On Ayn Rand
- Cover of the first edition
- Author: Allan Gotthelf
- Language: English
- Series: Wadsworth Philosophers
- Subject: Ayn Rand
- Publisher: Wadsworth Publishing
- Publication date: 2000
- Media type: Print
- Pages: 104
- ISBN: 978-0-534-57625-7
- OCLC: 43668181

= On Ayn Rand =

Book by Allan Gotthelf

On Ayn Rand is a book about the life and thought of the 20th-century philosopher Ayn Rand by scholar Allan Gotthelf. It was published in early 2000 by Wadsworth Publishing (now part of Cengage Learning) in its Wadsworth Philosophers series.

== Reception ==
Objectivist scholar Tara Smith reviewed the work for the Review of Metaphysics and described it as "an admirably essentialized review" that "joins scholarly rigor with firsthand knowledge of Rand’s thought to provide a systematic introduction to Rand’s philosophy." Smith does find some of Gotthelf's explanations to be "slightly too abbreviated for the targeted audience" and finds his brief treatment of some topics to be "somewhat frustrating."

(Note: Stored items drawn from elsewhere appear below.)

(* Let $F:\mathbf{C}\rightleftarrows\mathbf{D}:G$ be an adjunction ($F$ left adjoint to $G$). (a) If $\mathbf{D}$ has the Ramsey property for morphisms, then so does $\mathbf{C}$. (b) If $\mathbf{C}$ has the dual Ramsey property for morphisms, then so does $\mathbf{D}$.
   Context: For objects $\mathcal{A},\mathcal{B}$ of a category, $\hom(\mathcal{A},\mathcal{B})$ is the set of morphisms $\mathcal{A}\to\mathcal{B}$; write $\mathcal{A}\to\mathcal{B}$ if it is nonempty. A $k$-coloring of a set $S$ is a decomposition $S=\mathcal{M}_1\cup\dots\cup\mathcal{M}_k$ into pairwise disjoint sets. For $k\ge2$, $\mathcal{C}\overset{hom}{\longrightarrow}(\mathcal{B})^{\mathcal{A}}_k$ means $\mathcal{A}\to\mathcal{B}\to\mathcal{C}$ and for every $k$-coloring of $\hom(\mathcal{A},\mathcal{C})$ there are $i$ and a morphism $w:\mathcal{B}\to\mathcal{C}$ with $w\cdot\hom(\mathcal{A},\mathcal{B})\subseteq\mathcal{M}_i$. A category has the Ramsey property for morphisms if for every $k\ge2$ and all objects $\mathcal{A},\mathcal{B}$ with $\mathcal{A}\to\mathcal{B}$ there is an object $\mathcal{C}$ with $\mathcal{C}\overset{hom}{\longrightarrow}(\mathcal{B})^{\mathcal{A}}_k$. A category $\mathbf{C}$ has the dual Ramsey property for morphisms if its opposite category $\mathbf{C}^{\mathrm{op}}$ has the Ramsey property for morphisms. *)

Set Implicit Arguments.

(* A (locally small) category; morphism equality is Leibniz equality.
   [comp g f] is "g after f", written g . f in the paper. *)
Record Category := {
  Obj :> Type;
  Hom : Obj -> Obj -> Type;
  idm : forall A, Hom A A;
  comp : forall A B C, Hom B C -> Hom A B -> Hom A C;
  comp_assoc : forall A B C D (h : Hom C D) (g : Hom B C) (f : Hom A B),
      comp h (comp g f) = comp (comp h g) f;
  comp_id_l : forall A B (f : Hom A B), comp (idm B) f = f;
  comp_id_r : forall A B (f : Hom A B), comp f (idm A) = f
}.

Arguments Hom {c} _ _.
Arguments idm {c} _.
Arguments comp {c A B C} _ _.

Definition op (C : Category) : Category :=
  {| Obj := Obj C;
     Hom := fun A B => @Hom C B A;
     idm := fun A => @idm C A;
     comp := fun A B D (g : @Hom C D B) (f : @Hom C B A) => @comp C D B A f g;
     comp_assoc := fun A B D E h g f =>
        eq_sym (@comp_assoc C E D B A f g h);
     comp_id_l := fun A B f => @comp_id_r C B A f;
     comp_id_r := fun A B f => @comp_id_l C B A f |}.

Record Functor (C D : Category) := {
  fobj :> Obj C -> Obj D;
  fmap : forall A B, @Hom C A B -> @Hom D (fobj A) (fobj B);
  fmap_id : forall A, fmap A A (@idm C A) = @idm D (fobj A);
  fmap_comp : forall A B E (g : @Hom C B E) (f : @Hom C A B),
      fmap A E (@comp C A B E g f) = @comp D _ _ _ (fmap B E g) (fmap A B f)
}.

Arguments fmap {C D} _ {A B} _.

Record Adjunction (C D : Category) (F : Functor C D) (G : Functor D C) := {
  adj_phi : forall (X : Obj C) (Y : Obj D), @Hom D (F X) Y -> @Hom C X (G Y);
  adj_psi : forall (X : Obj C) (Y : Obj D), @Hom C X (G Y) -> @Hom D (F X) Y;
  adj_psi_phi : forall X Y (h : @Hom D (F X) Y), adj_psi X Y (adj_phi X Y h) = h;
  adj_phi_psi : forall X Y (k : @Hom C X (G Y)), adj_phi X Y (adj_psi X Y k) = k;
  adj_natural : forall (X X' : Obj C) (Y Y' : Obj D)
      (f : @Hom C X' X) (g : @Hom D Y Y') (h : @Hom D (F X) Y),
      adj_phi X' Y' (comp g (comp h (fmap F f))) = comp (fmap G g) (comp (adj_phi X Y h) f)
}.

Definition arrow (C : Category) (A B : Obj C) : Prop := inhabited (@Hom C A B).

(* A k-coloring of hom(A,C) is a map chi : hom(A,C) -> {0,..,k-1}
   (the colour classes M_i = chi^{-1}(i) form the decomposition).
   C --hom--> (B)^A_k : *)
Definition ramsey_arrow (Cat : Category) (C B A : Obj Cat) (k : nat) : Prop :=
  @arrow Cat A B /\ @arrow Cat B C /\
  forall chi : @Hom Cat A C -> nat, (forall f, chi f < k) ->
    exists i : nat, exists w : @Hom Cat B C,
      forall f : @Hom Cat A B, chi (comp w f) = i.

Definition RamseyPropertyMorphisms (Cat : Category) : Prop :=
  forall k : nat, 2 <= k ->
  forall A B : Obj Cat, @arrow Cat A B ->
  exists C : Obj Cat, @ramsey_arrow Cat C B A k.

Definition DualRamseyPropertyMorphisms (Cat : Category) : Prop :=
  RamseyPropertyMorphisms (op Cat).


(* The transposition [h |-> adj_phi h] is a bijection hom(F A, E) ~= hom(A, G E)
   compatible with precomposition, so a colouring of hom(A, G E) pulls back to a
   colouring of hom(F A, E); a monochromatic copy [w . hom(F A, F B)] there
   transposes to the monochromatic copy [phi w . hom(A, B)].  Part (b) is part (a)
   for the opposite adjunction G^op -| F^op : D^op -> C^op. *)

Definition op_functor {C D : Category} (F : Functor C D) : Functor (op C) (op D) :=
  @Build_Functor (op C) (op D) F (fun A B f => @fmap C D F B A f)
    (fun A => fmap_id F A) (fun A B E g f => fmap_comp F E B A f g).

Lemma arrow_fmap {C D : Category} (F : Functor C D) {A B : Obj C} :
  @arrow C A B -> @arrow D (F A) (F B).
Proof. intros [f]; exact (inhabits (fmap F f)). Qed.

Section AdjunctionFacts.

Context {C D : Category} {F : Functor C D} {G : Functor D C} (adj : Adjunction F G).

Lemma adj_phi_comp_fmap (A B : Obj C) (E : Obj D) (w : @Hom D (F B) E) (f : @Hom C A B) :
  adj_phi adj A E (comp w (fmap F f)) = comp (adj_phi adj B E w) f.
Proof.
  pose proof (adj_natural adj _ _ _ _ f (idm E) w) as N.
  now rewrite comp_id_l, fmap_id, comp_id_l in N.
Qed.

Lemma adj_psi_natural (X X' : Obj C) (Y Y' : Obj D)
  (f : @Hom C X' X) (g : @Hom D Y Y') (k : @Hom C X (G Y)) :
  adj_psi adj X' Y' (comp (fmap G g) (comp k f)) = comp g (comp (adj_psi adj X Y k) (fmap F f)).
Proof.
  set (h := adj_psi adj X Y k).
  replace k with (adj_phi adj X Y h) by apply adj_phi_psi.
  now rewrite <- adj_natural, adj_psi_phi.
Qed.

Definition op_adjunction : Adjunction (op_functor G) (op_functor F).
Proof.
  refine (@Build_Adjunction (op D) (op C) (op_functor G) (op_functor F)
            (fun Y X => adj_psi adj X Y) (fun Y X => adj_phi adj X Y)
            (fun Y X => adj_phi_psi adj X Y) (fun Y X => adj_psi_phi adj X Y) _).
  intros Y Y' X X' g f k; cbn in *.
  rewrite <- comp_assoc, adj_psi_natural.
  now rewrite comp_assoc.
Defined.

Lemma ramsey_arrow_right_adjoint (E : Obj D) (A B : Obj C) (k : nat) :
  @arrow C A B -> @ramsey_arrow D E (F B) (F A) k -> @ramsey_arrow C (G E) B A k.
Proof.
  intros AB [_ [[v] Hramsey]].
  split; [exact AB | split; [exact (inhabits (adj_phi adj B E v)) |]].
  intros chi Hchi.
  destruct (Hramsey (fun h => chi (adj_phi adj A E h)) (fun h => Hchi _))
    as [i [w Hw]].
  exists i, (adj_phi adj B E w); intros f.
  rewrite <- adj_phi_comp_fmap; apply Hw.
Qed.

Lemma ramsey_property_left_adjoint :
  RamseyPropertyMorphisms D -> RamseyPropertyMorphisms C.
Proof.
  intros HD k Hk A B AB.
  destruct (HD k Hk (F A) (F B) (arrow_fmap F AB)) as [E HE].
  exists (G E); now apply ramsey_arrow_right_adjoint.
Qed.

End AdjunctionFacts.

Theorem theorem3p1 (C D : Category) (F : Functor C D) (G : Functor D C)
  (adj : Adjunction F G) :
  (RamseyPropertyMorphisms D -> RamseyPropertyMorphisms C) /\
  (DualRamseyPropertyMorphisms C -> DualRamseyPropertyMorphisms D).
Proof.
  split.
  - exact (ramsey_property_left_adjoint adj).
  - exact (ramsey_property_left_adjoint (op_adjunction adj)).
Qed.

In a review in Teaching Philosophy, Irfan Khawaja says, "Gotthelf’s illuminating account of Rand’s epistemology offers an intriguing point of entry... as well as an object lesson on the relationship between epistemology and ethics... On Ayn Rand is a remarkable success... I can’t think of a piece of writing that better conveys both the systematicity and the grandeur of Rand’s thought than the last four pages of Gotthelf’s book." Rand enthusiast and accountancy scholar Edward W. Younkins also praised the work, calling it a "fine" but shorter version of Objectivist philosopher Leonard Peikoff's book about Rand's philosophy.

In a review, Rand scholar Chris Matthew Sciabarra welcomes the addition of another book to the literature about Rand, but criticizes Gotthelf for not addressing most other secondary works about Rand, in particular accusing him of "refusal to mention any non-orthodox works." Sciabarra says the book suffers from an "orthodox interpretation" of Rand's life and ideas, and also gives insufficient attention to her politics and aesthetics.

In a paper on the critical neglect of Rand's aesthetic philosophy, Michelle Marder Kamhi and Louis Torres criticized Gotthelf for spending a mere half a page of the book discussing the topic. Kamhi and Torres also criticised Gotthelf's statement that one's sense of life is directly dependent on philosophy (in contrast to Rand), and his uncritical acceptance of Rand's definition of romantic art in terms of the acceptance of man's free will.